DATA IN THIS EXERCISE below:

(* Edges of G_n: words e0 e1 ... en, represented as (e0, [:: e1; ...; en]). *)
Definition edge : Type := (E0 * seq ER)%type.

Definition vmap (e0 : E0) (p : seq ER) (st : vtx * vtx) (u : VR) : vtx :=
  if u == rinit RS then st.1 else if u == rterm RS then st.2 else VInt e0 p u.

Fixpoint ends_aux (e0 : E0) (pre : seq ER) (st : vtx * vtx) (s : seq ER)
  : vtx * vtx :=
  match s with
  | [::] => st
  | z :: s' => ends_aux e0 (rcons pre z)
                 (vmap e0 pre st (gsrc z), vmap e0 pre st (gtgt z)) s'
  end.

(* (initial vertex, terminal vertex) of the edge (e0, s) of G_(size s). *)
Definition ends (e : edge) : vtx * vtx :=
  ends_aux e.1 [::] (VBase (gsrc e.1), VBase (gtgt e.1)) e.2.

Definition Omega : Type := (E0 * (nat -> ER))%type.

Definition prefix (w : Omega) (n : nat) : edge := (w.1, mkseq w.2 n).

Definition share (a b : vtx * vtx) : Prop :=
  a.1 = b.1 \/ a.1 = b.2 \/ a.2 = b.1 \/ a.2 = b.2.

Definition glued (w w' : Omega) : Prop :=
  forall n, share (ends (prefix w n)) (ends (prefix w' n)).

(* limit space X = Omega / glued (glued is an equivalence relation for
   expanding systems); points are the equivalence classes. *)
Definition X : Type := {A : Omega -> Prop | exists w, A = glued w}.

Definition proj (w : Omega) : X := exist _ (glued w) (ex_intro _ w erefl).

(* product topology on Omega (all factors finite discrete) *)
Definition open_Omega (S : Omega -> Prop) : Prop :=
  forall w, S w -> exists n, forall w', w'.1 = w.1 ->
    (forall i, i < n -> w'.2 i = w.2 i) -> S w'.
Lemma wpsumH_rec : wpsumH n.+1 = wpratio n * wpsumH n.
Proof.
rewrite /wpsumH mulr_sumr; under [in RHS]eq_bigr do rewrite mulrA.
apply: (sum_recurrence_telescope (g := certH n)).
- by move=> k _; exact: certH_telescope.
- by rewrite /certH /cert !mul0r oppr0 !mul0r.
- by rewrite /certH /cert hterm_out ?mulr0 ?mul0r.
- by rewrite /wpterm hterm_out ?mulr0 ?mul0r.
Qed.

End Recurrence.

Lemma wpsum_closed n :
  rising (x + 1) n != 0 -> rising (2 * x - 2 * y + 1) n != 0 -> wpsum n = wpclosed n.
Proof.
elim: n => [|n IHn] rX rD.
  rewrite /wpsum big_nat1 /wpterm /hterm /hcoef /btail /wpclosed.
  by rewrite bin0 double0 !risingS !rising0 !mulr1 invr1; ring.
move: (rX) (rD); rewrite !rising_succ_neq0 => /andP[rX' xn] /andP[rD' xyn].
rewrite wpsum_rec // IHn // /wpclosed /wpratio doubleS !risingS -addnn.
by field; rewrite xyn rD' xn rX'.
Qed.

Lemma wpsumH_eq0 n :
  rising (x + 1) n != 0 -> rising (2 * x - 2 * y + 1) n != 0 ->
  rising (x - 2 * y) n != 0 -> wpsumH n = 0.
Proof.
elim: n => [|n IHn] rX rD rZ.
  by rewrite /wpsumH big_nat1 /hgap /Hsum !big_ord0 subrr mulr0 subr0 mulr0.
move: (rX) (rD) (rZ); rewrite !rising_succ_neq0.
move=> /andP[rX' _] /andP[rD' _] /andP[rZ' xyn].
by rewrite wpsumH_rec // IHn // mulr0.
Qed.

End of DATA IN THIS EXERCISE.
DATA IN THIS EXERCISE below:

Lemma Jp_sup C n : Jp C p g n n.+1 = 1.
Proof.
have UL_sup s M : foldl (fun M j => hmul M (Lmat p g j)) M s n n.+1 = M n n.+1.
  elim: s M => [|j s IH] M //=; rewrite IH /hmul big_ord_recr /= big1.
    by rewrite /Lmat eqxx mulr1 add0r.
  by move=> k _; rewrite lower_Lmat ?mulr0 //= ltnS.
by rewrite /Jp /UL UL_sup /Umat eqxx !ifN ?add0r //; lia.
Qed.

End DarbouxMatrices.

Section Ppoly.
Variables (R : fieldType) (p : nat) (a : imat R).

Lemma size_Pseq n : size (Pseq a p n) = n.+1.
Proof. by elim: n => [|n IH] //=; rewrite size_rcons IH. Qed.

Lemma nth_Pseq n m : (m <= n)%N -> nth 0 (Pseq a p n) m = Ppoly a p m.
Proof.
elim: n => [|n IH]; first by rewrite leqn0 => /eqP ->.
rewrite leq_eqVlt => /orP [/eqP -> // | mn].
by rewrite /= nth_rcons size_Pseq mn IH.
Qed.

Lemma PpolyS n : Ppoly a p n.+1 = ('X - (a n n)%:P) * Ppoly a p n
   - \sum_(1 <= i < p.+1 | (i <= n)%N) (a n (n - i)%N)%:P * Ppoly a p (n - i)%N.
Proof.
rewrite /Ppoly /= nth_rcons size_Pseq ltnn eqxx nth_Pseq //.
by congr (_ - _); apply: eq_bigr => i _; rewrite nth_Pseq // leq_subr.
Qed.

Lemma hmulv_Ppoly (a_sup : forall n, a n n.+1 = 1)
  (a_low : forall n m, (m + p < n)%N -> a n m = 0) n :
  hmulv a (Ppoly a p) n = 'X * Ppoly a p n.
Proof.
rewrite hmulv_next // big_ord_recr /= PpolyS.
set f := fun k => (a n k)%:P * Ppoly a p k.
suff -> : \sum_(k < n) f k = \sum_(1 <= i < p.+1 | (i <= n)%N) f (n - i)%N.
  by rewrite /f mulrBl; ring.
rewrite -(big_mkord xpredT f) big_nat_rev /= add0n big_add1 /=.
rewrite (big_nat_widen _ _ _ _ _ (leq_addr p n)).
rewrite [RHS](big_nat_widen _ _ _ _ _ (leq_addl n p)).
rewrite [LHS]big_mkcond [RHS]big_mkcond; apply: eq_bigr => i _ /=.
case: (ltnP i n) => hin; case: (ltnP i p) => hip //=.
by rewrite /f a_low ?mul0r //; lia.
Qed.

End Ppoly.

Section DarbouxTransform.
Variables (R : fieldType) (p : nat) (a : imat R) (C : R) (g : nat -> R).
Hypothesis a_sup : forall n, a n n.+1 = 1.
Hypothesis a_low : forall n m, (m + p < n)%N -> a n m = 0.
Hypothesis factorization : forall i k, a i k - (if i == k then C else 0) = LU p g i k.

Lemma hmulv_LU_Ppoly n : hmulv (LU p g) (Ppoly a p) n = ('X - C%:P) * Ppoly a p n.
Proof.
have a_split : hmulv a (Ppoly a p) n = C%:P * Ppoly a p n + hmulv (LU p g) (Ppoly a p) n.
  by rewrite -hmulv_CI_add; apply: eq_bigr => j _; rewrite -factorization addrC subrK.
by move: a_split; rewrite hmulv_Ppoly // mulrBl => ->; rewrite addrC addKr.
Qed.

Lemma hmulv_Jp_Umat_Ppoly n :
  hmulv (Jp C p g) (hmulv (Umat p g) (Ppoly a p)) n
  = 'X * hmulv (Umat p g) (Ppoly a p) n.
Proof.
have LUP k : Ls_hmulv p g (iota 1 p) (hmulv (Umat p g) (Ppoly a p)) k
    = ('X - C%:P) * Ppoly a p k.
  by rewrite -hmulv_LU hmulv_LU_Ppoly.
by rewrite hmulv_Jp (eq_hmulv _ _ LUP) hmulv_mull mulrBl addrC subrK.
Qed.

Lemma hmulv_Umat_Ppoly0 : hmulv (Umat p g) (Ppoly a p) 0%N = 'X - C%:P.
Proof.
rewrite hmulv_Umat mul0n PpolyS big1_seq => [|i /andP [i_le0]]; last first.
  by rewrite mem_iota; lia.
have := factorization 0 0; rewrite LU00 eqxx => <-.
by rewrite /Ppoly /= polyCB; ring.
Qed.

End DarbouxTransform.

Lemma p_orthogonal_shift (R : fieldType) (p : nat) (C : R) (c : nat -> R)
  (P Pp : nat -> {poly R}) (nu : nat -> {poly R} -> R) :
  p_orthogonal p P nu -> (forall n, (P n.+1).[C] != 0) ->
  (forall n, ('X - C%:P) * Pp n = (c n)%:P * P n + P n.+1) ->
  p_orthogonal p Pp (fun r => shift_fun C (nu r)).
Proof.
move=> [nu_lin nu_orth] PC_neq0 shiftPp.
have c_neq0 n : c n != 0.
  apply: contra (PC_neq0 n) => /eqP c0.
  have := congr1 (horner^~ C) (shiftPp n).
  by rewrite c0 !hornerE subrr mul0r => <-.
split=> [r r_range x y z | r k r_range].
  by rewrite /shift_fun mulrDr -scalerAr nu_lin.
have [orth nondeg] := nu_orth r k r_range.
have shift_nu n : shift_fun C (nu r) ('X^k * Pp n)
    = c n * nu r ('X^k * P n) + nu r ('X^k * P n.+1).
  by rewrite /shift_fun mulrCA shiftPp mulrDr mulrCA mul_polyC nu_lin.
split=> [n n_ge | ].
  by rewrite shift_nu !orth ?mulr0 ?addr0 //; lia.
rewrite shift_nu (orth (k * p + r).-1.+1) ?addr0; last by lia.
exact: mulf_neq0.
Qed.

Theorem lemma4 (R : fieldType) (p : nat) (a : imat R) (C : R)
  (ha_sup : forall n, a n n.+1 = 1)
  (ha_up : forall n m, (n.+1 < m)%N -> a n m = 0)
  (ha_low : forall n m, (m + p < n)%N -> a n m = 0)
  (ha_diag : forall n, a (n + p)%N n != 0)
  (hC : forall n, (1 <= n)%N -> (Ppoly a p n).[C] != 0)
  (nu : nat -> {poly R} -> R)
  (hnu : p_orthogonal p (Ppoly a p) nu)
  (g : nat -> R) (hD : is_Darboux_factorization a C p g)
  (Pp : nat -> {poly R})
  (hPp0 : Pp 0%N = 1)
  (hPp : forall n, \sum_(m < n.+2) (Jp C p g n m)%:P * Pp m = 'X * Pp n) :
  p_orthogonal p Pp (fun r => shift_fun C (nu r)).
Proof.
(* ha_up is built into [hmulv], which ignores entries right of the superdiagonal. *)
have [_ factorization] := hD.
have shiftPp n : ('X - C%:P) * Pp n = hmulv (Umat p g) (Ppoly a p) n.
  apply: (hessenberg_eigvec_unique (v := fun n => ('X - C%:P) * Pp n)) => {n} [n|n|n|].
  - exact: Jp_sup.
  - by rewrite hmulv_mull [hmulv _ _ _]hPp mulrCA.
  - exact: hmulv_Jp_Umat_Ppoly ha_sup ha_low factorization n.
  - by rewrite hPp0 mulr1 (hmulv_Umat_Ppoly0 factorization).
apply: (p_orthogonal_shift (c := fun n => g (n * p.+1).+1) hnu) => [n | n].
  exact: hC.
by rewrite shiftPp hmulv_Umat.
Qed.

End of DATA IN THIS EXERCISE.

**WHAT TO DO**
All lines above that contain "else" are required in the answer.

**RESPONSE TO THE EXERCISE**
  if u == rinit RS then st.1 else if u == rterm RS then st.2 else VInt e0 p u.
Hypothesis factorization : forall i k, a i k - (if i == k then C else 0) = LU p g i k.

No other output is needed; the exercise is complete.